• [What to do]
Read the records below and copy each line that contains "Import".

Segment Start: Dataset excerpts

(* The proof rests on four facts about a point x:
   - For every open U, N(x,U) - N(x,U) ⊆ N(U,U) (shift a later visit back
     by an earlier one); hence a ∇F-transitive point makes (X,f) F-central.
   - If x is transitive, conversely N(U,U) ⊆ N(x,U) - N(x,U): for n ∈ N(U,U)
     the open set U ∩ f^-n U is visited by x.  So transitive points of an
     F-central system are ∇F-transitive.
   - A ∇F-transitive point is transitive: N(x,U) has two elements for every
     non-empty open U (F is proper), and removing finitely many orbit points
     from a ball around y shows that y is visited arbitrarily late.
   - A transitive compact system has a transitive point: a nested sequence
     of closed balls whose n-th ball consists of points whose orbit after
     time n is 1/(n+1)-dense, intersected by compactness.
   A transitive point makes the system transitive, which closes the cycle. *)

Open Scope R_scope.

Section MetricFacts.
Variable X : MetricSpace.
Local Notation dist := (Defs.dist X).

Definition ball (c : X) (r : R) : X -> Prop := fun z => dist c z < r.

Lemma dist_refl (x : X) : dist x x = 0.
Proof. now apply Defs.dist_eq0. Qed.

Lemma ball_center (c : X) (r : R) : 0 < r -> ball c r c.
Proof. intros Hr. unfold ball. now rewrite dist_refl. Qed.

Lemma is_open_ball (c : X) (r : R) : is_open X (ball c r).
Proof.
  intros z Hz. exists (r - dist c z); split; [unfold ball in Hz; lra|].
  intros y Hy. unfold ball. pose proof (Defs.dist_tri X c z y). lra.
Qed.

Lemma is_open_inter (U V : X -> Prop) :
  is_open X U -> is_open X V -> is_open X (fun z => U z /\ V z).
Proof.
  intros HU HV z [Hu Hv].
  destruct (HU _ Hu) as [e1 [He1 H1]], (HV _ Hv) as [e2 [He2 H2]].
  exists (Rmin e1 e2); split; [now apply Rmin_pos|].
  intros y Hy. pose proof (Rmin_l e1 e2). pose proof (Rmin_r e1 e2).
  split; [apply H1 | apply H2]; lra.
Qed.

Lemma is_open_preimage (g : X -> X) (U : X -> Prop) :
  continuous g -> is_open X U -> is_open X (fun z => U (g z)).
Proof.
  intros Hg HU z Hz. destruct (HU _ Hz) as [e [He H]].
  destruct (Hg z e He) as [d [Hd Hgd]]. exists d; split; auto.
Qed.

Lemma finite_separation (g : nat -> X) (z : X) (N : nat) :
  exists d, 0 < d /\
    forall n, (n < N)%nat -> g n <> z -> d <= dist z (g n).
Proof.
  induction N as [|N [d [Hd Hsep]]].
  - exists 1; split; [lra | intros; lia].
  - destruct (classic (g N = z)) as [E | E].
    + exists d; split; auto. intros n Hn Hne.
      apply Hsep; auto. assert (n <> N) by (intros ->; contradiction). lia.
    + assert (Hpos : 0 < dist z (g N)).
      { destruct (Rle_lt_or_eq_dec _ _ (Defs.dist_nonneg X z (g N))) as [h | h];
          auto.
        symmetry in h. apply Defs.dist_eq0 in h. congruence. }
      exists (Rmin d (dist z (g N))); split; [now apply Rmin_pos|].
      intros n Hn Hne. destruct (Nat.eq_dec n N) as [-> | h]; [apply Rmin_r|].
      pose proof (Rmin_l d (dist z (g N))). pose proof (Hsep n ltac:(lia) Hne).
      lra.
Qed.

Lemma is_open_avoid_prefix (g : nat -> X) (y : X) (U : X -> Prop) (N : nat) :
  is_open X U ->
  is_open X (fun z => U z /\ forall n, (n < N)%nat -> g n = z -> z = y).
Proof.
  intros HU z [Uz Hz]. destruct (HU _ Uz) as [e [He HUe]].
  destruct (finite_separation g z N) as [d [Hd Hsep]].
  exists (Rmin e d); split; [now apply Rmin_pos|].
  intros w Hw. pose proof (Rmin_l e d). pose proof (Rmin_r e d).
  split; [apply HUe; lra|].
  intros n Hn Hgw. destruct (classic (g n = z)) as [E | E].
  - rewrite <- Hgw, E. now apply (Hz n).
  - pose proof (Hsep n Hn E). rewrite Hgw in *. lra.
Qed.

Segment End: Dataset excerpts
Segment Start: Dataset excerpts

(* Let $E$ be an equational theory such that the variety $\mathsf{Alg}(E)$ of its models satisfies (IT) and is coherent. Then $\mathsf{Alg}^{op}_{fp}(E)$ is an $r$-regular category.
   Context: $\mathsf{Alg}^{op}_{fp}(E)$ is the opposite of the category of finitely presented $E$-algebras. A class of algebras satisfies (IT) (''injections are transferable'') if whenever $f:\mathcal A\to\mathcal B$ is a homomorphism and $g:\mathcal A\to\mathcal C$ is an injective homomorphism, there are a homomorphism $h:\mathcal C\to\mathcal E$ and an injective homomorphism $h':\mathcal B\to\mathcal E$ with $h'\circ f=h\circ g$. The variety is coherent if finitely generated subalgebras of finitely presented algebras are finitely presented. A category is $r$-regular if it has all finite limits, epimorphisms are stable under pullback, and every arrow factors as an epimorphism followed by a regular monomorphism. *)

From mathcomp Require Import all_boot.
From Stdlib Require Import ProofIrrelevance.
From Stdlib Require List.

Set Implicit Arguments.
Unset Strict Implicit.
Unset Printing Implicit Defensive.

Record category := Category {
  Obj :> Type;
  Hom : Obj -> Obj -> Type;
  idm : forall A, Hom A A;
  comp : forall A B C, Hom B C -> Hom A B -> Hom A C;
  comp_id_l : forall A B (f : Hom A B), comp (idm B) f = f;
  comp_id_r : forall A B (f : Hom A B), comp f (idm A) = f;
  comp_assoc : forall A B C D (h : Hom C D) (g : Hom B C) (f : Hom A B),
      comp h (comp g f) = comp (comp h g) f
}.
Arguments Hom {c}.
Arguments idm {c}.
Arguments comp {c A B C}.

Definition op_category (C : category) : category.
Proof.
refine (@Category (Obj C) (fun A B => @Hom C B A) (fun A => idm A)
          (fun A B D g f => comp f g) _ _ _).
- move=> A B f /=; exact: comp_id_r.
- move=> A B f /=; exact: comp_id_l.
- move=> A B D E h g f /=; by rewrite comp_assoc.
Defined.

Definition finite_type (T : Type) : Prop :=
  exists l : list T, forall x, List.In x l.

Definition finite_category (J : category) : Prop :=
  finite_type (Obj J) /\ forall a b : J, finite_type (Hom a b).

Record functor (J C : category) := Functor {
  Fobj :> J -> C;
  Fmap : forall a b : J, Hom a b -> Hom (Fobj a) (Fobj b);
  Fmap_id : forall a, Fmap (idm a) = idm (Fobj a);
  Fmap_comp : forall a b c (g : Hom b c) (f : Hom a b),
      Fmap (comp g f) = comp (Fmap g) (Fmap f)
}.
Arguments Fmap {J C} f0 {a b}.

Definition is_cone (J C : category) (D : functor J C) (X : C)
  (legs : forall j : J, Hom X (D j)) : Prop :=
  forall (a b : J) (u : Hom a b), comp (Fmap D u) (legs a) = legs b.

Segment End: Dataset excerpts

• [Exercise response]
From mathcomp Require Import all_boot.
From Stdlib Require Import ProofIrrelevance.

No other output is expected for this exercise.